Stored data entries:

Lemma scaledE v : v < N -> scaled v = v * r :> nat.
Proof. by move=> ltvN; rewrite /= modn_small //; nia. Qed.

Lemma scaled_eq u v : u < N -> v < N -> (scaled u == scaled v) = (u == v).
Proof.
move=> ltuN ltvN; apply/eqP/eqP => [/(congr1 (@nat_of_ord _))|->] //.
by rewrite !scaledE //; nia.
Qed.

Lemma tperms_scaled L u : pairs_below N L -> u < N ->
  tperms L (scaled u) = scaled (nat_tperms L u).
Proof.
elim: L u => [|[a b] L IHL] u /=; first by rewrite tperms_nil perm1.
move=> /andP[/andP[ltaN ltbN] LN] ltuN; rewrite /tperms big_cons permM /=.
have ltN : nat_tperm a b u < N by rewrite /nat_tperm; case: (u == a); case: (u == b).
rewrite -IHL //; congr (_ _); rewrite /nat_tperm.
case: tpermP => [/eqP|/eqP|/eqP neq_a /eqP neq_b].
- by rewrite scaled_eq // => /eqP->; rewrite eqxx.
- by rewrite scaled_eq // => /eqP->; rewrite eqxx; case: eqP => [->|].
- by move: neq_a neq_b; rewrite !scaled_eq // => /negPf-> /negPf->.
Qed.

Lemma tperms_fix L z : pairs_below N L -> (forall v, v < N -> z != scaled v) ->
  tperms L z = z.
Proof.
move=> + Nz; elim: L => [|[a b] L IHL] /=; first by rewrite tperms_nil perm1.
move=> /andP[/andP[ltaN ltbN] LN]; rewrite /tperms big_cons permM.
by rewrite tpermD ?IHL // eq_sym Nz.
Qed.

Lemma eq_tperms L1 L2 : pairs_below N L1 -> pairs_below N L2 ->
  all (fun u => nat_tperms L1 u == nat_tperms L2 u) (iota 0 N) ->
  tperms L1 = tperms L2.
Proof.
move=> L1N L2N /allP eqL; apply/permP => z.
case: (boolP [exists v : 'I_N, z == scaled v]) => [/existsP[v /eqP->]|/existsPn Nz].
  by rewrite !tperms_scaled // (eqP (eqL v _)) // mem_iota /=.
have {}Nz v : v < N -> z != scaled v by move=> ltvN; apply: (Nz (Ordinal ltvN)).
by rewrite !tperms_fix.
Qed.

Lemma tperms_cat L1 L2 : tperms (L1 ++ L2) = (tperms L1 * tperms L2)%g.
Proof. exact: big_cat. Qed.

Lemma tpermsV L : (tperms L)^-1%g = tperms (rev L).
Proof.
elim: L => [|ab L IHL]; first by rewrite tperms_nil invg1.
by rewrite /tperms big_cons invMg IHL tpermV rev_cons big_rcons.
Qed.

Lemma tperms_conj L (s : {perm 'I_P}) u :
  pairs_below N (shift_pairs u L) ->
  (forall v, v + u < N -> s (scaled v) = scaled (v + u)) ->
  (tperms L ^ s)%g = tperms (shift_pairs u L).
Proof.
move=> + sE; elim: L => [|[a b] L IHL] /=; first by rewrite tperms_nil conj1g.
move=> /andP[/andP[ltaN ltbN] LN].
by rewrite /tperms !big_cons conjMg tpermJ !sE // -/(tperms _) IHL.
Qed.

Lemma cycle_permX_scaled v u j : v + u < N -> j = u * r %[mod P] ->
  (cycle_perm P ^+ j)%g (scaled v) = scaled (v + u).
Proof.
move=> ltN jE; apply: val_inj; rewrite /= cycle_permX scaledE; last by lia.
by rewrite -modnDmr jE modnDmr -mulnDl.
Qed.

End ScaledTranspositions.

Lemma three_cycle_tperms P r (P_gt0 : 0 < P) : 3 * r < P ->
  three_cycle P r = tperms r P_gt0 [:: (0, 1); (0, 2)].
Proof.
case: P P_gt0 => [//|P] P_gt0 ltP.
rewrite three_cycleS /tperms !big_cons big_nil mulg1.
have inordE v : v < 3 -> (inord (v * r) : 'I_P.+1) = scaled r P_gt0 v.
  by move=> ltv3; apply: val_inj; rewrite /= inordK ?modn_small //; nia.
by rewrite -!inordE // mul0n mul1n.
Qed.

Definition double_transposition : seq (nat * nat) := [:: (0, 3); (1, 2)].

Lemma three_cycle_commutator P r (P_gt0 : 0 < P) : 0 < r -> 7 * r < P ->
  [~ three_cycle P r, three_cycle P r ^ (cycle_perm P ^+ r)]%g =
  tperms r P_gt0 double_transposition.
Proof.
move=> r_gt0 ltP; have lt3P : 3 * r < P by lia.
rewrite (three_cycle_tperms P_gt0) // (tperms_conj (N := 7) (u := 1)) //; last first.
  by move=> v ltv; apply: (cycle_permX_scaled P_gt0 r_gt0 ltP); rewrite ?mul1n.
rewrite /commg /conjg !tpermsV -!tperms_cat.
exact: (eq_tperms P_gt0 r_gt0 ltP).
Qed.

(* Thirteen shifts of (0 3)(1 2) multiply to 1.  An odd relation is what is
   needed, as (0 3)(1 2) has order 2; none shorter exists on seven points. *)
Definition relation_shifts : seq nat := [:: 0; 1; 0; 1; 3; 0; 2; 1; 3; 0; 3; 0; 2].

Lemma tperms_relation P r (P_gt0 : 0 < P) : 0 < r -> 7 * r < P ->
  tperms r P_gt0
    (flatten [seq shift_pairs u double_transposition | u <- relation_shifts]) = 1%g.
Proof.
move=> r_gt0 ltP; rewrite -(tperms_nil r P_gt0).
by apply: (eq_tperms P_gt0 r_gt0 ltP); vm_compute.
Qed.

Lemma tperms_double_transposition_sqr P r (P_gt0 : 0 < P) : 0 < r -> 7 * r < P ->
  tperms r P_gt0 (double_transposition ++ double_transposition) = 1%g.
Proof.
move=> r_gt0 ltP; rewrite -(tperms_nil r P_gt0).
by apply: (eq_tperms P_gt0 r_gt0 ltP); vm_compute.
Qed.

Definition letter : Type := bool * 'I_2.
Definition a_letter : letter := (false, ord0).
Definition aV_letter : letter := (true, ord0).
Definition b_letter : letter := (false, ord_max).
Definition bV_letter : letter := (true, ord_max).

Definition comm_word (k : nat) : seq letter :=
  [:: bV_letter] ++ nseq k aV_letter ++ [:: bV_letter] ++ nseq k a_letter ++
  [:: b_letter] ++ nseq k aV_letter ++ [:: b_letter] ++ nseq k a_letter.

Lemma size_comm_word k : size (comm_word k) = 4 * k + 4.
Proof. by rewrite /comm_word !size_cat !size_nseq /=; lia. Qed.

Definition conj_word (k : nat) (w : seq letter) : seq letter :=
  nseq k aV_letter ++ w ++ nseq k a_letter.

Section Words.
Variables d r : nat -> nat.

Notation gens := [:: alpha d; beta d r].

Definition eval_word (w : seq letter) : PT d :=
  @word_eval _ (@pt_mul d) (@pt_one d) (@pt_inv d) gens w.

Lemma eval_word_cat_at w1 w2 m :
  eval_word (w1 ++ w2) m = (eval_word w1 m * eval_word w2 m)%g.
Proof.
elim: w1 => [|a w1 IHw1] /=; first by rewrite mul1g.
by rewrite /pt_mul -mulgA -IHw1.
Qed.

Lemma eval_word_cat w1 w2 :
  eval_word (w1 ++ w2) = pt_mul (eval_word w1) (eval_word w2).
Proof. by apply: functional_extensionality_dep => m; rewrite eval_word_cat_at. Qed.

Lemma eval_word_nseq_at a k m :
  eval_word (nseq k a) m = (eval_word [:: a] m ^+ k)%g.
Proof.
elim: k => [|k IHk]; first by rewrite expg0.
by rewrite -[nseq k.+1 a]/([:: a] ++ nseq k a) eval_word_cat_at IHk expgS.
Qed.

Lemma eval_letters m :
  [/\ eval_word [:: a_letter] m = alpha d m,
      eval_word [:: aV_letter] m = ((alpha d m)^-1)%g,
      eval_word [:: b_letter] m = beta d r m
    & eval_word [:: bV_letter] m = ((beta d r m)^-1)%g].
Proof. by rewrite /eval_word /= /pt_mul /pt_inv /pt_one !mulg1. Qed.

Lemma eval_comm_word k m :
  eval_word (comm_word k) m = [~ beta d r m, beta d r m ^ (alpha d m ^+ k)]%g.
Proof.
rewrite !eval_word_cat_at !eval_word_nseq_at.
have [-> -> -> ->] := eval_letters m.
by rewrite /commg /conjg !invMg !invgK expVgn !mulgA.
Qed.

Lemma eval_conj_word k w m :
  eval_word (conj_word k w) m = (eval_word w m ^ (alpha d m ^+ k))%g.
Proof.
rewrite !eval_word_cat_at !eval_word_nseq_at.
by have [-> -> _ _] := eval_letters m; rewrite expVgn /conjg mulgA.
Qed.

Lemma eval_word_flatten_at ws m :
  eval_word (flatten ws) m = (\prod_(w <- ws) eval_word w m)%g.
Proof.
elim: ws => [|w ws IHws]; first by rewrite big_nil.
by rewrite /= eval_word_cat_at IHws big_cons.
Qed.

Section Homomorphism.
Variables (gT : finGroupType) (phi : PT d -> gT).
Hypothesis phiM : hom_on_gen (@pt_mul d) (@pt_one d) (@pt_inv d) gens phi.

Lemma phi_eval_cat w1 w2 :
  phi (eval_word (w1 ++ w2)) = (phi (eval_word w1) * phi (eval_word w2))%g.
Proof. by rewrite eval_word_cat; apply: phiM; [exists w1 | exists w2]. Qed.

Lemma phi_eval_nil : phi (eval_word [::]) = 1%g.
Proof.
apply: (@mulgI _ (phi (eval_word [::]))).
by rewrite mulg1 -phi_eval_cat.
Qed.

Lemma phi_eval_trivial w : (forall m, eval_word w m = 1%g) -> phi (eval_word w) = 1%g.
Proof.
move=> w1; rewrite -phi_eval_nil; congr phi.
by apply: functional_extensionality_dep => m; rewrite w1.
Qed.

Lemma phi_eval_nseq a k : phi (eval_word (nseq k a)) = (phi (eval_word [:: a]) ^+ k)%g.
Proof.
elim: k => [|k IHk]; first by rewrite expg0 phi_eval_nil.
by rewrite -[nseq k.+1 a]/([:: a] ++ nseq k a) phi_eval_cat IHk expgS.
Qed.

Lemma phi_eval_conj k w : (phi (eval_word [:: a_letter]) ^+ k = 1)%g ->
  phi (eval_word (conj_word k w)) = phi (eval_word w).
Proof.
move=> ak1.
have akV1 : (phi (eval_word [:: aV_letter]) ^+ k = 1)%g.
  have := phi_eval_trivial (w := nseq k aV_letter ++ nseq k a_letter).
  rewrite phi_eval_cat !phi_eval_nseq ak1 mulg1; apply=> m.
  rewrite eval_word_cat_at !eval_word_nseq_at.
  by have [-> -> _ _] := eval_letters m; rewrite expVgn mulVg.
by rewrite !phi_eval_cat !phi_eval_nseq ak1 akV1 mul1g mulg1.
Qed.

Lemma phi_eval_flatten ws x : (forall w, w \in ws -> phi (eval_word w) = x) ->
  phi (eval_word (flatten ws)) = (x ^+ size ws)%g.
Proof.
elim: ws => [|w ws IHws] wsx /=; first by rewrite phi_eval_nil.
rewrite phi_eval_cat wsx ?mem_head // IHws ?expgS // => w' ws_w'.
by apply: wsx; rewrite in_cons ws_w' orbT.
Qed.

End Homomorphism.
End Words.

Arguments eval_word : clear implicits.

Section LowerBound.
Variables (d r : nat -> nat) (n : nat).
Hypotheses (n_gt0 : 0 < n) (d_prime : prime (d n)) (r_gt0 : 0 < r n)
  (ltrd : 7 * r n < d n).
Hypothesis comm_trivial : forall m, m != n ->
  [~ beta d r m, beta d r m ^ (alpha d m ^+ r n)]%g = 1%g.

Let d_gt0 : 0 < d n := prime_gt0 d_prime.
Let n_neq0 : (n == 0) = false := negPf (lt0n_neq0 n_gt0).
Local Notation g := (comm_word (r n)).

Lemma eval_comm_word_at : eval_word d r g n = tperms (r n) d_gt0 double_transposition.
Proof.
by rewrite eval_comm_word /alpha /beta n_neq0 three_cycle_commutator.
Qed.

Lemma eval_comm_word_off m : m != n -> eval_word d r g m = 1%g.
Proof. by move=> mn; rewrite eval_comm_word comm_trivial. Qed.

Lemma eval_conj_comm_word_at k u : u <= 3 -> k = u * r n %[mod d n] ->
  eval_word d r (conj_word k g) n =
  tperms (r n) d_gt0 (shift_pairs u double_transposition).
Proof.
move=> le_u3 kE; rewrite eval_conj_word eval_comm_word_at /alpha n_neq0.
apply: (tperms_conj (N := 7)) => [|v ltv]; first by rewrite /pairs_below /=; lia.
exact: (cycle_permX_scaled d_gt0 r_gt0 ltrd).
Qed.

AIM OF THE TASK: Write down again, exactly as given, only the lines above that fall from the line with "elim: L => [|ab" to the line with "move=> + sE;", inclusive.

YOUR RESPONSE:
elim: L => [|ab L IHL]; first by rewrite tperms_nil invg1.
by rewrite /tperms big_cons invMg IHL tpermV rev_cons big_rcons.
Qed.

Lemma tperms_conj L (s : {perm 'I_P}) u :
  pairs_below N (shift_pairs u L) ->
  (forall v, v + u < N -> s (scaled v) = scaled (v + u)) ->
  (tperms L ^ s)%g = tperms (shift_pairs u L).
Proof.
move=> + sE; elim: L => [|[a b] L IHL] /=; first by rewrite tperms_nil conj1g.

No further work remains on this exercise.